▶ _Exercise requirements_
Tally every line of the material that includes "transformation", then give the tally and nothing else.

▶ _Records shown_
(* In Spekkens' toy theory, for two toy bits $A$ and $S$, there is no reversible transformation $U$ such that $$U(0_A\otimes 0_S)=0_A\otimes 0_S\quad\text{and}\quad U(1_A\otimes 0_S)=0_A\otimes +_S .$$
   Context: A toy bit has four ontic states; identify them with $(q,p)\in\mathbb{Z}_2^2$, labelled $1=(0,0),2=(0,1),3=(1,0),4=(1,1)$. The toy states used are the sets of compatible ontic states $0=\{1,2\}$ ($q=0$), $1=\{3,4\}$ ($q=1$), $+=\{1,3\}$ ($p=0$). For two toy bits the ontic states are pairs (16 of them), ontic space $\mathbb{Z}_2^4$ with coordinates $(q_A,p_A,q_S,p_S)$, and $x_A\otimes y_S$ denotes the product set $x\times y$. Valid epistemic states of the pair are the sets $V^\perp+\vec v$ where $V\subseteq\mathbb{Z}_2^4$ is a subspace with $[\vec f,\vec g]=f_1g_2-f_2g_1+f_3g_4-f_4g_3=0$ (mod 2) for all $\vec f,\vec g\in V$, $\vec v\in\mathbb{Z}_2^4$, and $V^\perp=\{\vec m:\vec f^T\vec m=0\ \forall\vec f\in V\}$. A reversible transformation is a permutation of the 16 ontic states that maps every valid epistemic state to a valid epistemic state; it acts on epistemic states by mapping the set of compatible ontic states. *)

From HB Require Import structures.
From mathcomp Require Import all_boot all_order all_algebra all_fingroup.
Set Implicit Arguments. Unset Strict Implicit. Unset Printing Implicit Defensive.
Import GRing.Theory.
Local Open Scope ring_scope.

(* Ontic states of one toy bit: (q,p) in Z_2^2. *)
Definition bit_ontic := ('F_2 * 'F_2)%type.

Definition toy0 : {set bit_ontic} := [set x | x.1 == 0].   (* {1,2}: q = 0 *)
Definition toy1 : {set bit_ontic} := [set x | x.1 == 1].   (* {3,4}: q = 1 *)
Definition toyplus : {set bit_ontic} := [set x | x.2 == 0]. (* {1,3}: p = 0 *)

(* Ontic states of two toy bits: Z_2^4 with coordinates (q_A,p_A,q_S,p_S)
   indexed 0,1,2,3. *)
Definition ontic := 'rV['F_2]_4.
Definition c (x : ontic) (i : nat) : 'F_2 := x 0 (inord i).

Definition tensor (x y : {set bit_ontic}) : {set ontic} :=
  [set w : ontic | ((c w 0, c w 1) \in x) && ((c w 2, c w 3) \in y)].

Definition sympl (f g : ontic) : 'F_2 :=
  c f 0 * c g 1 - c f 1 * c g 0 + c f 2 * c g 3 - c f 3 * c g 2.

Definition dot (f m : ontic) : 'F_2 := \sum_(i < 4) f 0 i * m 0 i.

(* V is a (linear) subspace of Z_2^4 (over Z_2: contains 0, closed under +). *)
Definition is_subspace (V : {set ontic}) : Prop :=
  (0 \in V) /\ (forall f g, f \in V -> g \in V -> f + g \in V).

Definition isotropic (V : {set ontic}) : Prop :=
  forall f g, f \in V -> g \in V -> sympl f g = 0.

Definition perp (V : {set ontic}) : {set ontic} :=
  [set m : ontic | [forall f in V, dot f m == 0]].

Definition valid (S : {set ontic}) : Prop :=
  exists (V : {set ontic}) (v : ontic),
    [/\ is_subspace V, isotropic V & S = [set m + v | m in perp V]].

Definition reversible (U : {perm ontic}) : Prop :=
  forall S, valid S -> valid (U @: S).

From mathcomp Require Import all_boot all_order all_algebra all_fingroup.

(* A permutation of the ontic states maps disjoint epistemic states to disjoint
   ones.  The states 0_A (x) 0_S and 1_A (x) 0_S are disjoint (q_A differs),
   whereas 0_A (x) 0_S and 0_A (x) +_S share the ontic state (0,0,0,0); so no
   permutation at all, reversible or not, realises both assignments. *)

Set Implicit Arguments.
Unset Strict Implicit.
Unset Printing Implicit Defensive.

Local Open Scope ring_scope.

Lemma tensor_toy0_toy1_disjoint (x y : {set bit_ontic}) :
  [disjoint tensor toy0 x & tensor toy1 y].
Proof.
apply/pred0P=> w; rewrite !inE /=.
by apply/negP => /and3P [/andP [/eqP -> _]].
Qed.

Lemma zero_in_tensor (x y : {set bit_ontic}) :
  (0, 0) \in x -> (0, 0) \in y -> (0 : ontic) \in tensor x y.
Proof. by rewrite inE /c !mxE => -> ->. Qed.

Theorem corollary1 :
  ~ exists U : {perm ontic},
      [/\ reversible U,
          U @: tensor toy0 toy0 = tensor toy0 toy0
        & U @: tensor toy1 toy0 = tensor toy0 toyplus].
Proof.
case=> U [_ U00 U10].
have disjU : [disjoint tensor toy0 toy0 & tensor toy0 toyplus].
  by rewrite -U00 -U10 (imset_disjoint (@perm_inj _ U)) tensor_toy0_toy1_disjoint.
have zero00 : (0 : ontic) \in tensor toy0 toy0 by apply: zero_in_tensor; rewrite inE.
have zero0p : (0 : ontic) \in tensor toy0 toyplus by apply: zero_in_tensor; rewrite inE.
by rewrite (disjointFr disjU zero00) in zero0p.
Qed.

--

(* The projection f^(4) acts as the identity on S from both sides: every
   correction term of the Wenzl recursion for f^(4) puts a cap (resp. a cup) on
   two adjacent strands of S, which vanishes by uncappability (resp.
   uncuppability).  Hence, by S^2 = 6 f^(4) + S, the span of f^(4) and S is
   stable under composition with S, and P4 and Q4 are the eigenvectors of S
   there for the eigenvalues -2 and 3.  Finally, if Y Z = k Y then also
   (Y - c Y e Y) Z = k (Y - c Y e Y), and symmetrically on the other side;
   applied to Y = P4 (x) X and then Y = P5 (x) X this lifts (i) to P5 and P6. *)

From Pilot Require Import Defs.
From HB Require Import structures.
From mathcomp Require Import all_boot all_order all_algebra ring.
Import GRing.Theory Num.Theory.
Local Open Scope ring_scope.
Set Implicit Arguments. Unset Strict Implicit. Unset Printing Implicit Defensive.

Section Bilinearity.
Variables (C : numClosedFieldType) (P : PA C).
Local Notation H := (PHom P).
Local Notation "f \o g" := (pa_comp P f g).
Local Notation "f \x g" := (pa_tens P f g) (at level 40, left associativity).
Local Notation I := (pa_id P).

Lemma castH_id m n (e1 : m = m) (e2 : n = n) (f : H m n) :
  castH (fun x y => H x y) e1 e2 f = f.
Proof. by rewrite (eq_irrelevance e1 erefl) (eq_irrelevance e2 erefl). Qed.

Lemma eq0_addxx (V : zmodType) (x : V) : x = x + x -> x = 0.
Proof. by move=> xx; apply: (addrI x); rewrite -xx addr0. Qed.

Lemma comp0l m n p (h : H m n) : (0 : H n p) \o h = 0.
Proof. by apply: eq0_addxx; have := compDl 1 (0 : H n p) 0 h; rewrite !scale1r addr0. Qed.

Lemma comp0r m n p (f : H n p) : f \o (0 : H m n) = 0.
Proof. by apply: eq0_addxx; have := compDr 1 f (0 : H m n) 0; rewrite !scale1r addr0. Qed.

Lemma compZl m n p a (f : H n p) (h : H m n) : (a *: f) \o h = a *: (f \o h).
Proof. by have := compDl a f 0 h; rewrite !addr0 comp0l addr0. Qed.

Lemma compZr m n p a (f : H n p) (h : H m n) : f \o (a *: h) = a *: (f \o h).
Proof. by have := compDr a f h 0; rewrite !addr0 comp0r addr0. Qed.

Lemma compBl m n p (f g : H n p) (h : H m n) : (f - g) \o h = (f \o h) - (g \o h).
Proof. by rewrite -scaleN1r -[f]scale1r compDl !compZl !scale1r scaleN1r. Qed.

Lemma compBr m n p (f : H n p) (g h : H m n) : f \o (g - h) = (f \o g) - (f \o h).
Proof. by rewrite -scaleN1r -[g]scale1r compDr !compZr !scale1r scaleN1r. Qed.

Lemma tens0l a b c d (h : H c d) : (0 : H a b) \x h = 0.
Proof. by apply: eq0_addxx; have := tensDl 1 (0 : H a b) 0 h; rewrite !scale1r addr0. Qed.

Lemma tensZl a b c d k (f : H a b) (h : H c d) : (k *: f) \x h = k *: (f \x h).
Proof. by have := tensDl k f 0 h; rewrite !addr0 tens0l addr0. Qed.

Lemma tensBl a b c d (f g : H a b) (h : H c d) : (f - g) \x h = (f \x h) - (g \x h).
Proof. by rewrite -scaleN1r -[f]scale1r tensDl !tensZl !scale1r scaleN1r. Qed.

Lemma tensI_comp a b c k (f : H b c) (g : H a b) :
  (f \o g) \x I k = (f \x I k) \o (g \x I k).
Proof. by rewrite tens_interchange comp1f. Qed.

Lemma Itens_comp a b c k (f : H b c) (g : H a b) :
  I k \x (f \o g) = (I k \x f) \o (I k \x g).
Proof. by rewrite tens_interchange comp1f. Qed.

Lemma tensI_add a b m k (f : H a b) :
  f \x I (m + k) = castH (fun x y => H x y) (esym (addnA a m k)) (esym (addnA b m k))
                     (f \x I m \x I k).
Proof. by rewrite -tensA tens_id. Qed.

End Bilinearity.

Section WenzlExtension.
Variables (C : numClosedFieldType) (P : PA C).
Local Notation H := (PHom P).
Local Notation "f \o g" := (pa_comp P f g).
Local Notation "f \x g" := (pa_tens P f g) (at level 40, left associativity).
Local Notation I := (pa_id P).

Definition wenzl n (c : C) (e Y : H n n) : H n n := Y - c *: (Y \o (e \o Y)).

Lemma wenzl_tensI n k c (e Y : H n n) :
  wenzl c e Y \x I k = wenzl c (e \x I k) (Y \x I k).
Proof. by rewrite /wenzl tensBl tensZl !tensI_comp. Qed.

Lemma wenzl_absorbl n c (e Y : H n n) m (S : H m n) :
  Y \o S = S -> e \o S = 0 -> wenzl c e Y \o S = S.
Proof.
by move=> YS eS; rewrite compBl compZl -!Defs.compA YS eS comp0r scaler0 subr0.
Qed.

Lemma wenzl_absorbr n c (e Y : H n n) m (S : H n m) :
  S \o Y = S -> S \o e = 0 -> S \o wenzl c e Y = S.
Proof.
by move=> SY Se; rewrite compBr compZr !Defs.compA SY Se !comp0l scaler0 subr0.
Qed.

▶ _Reply_
2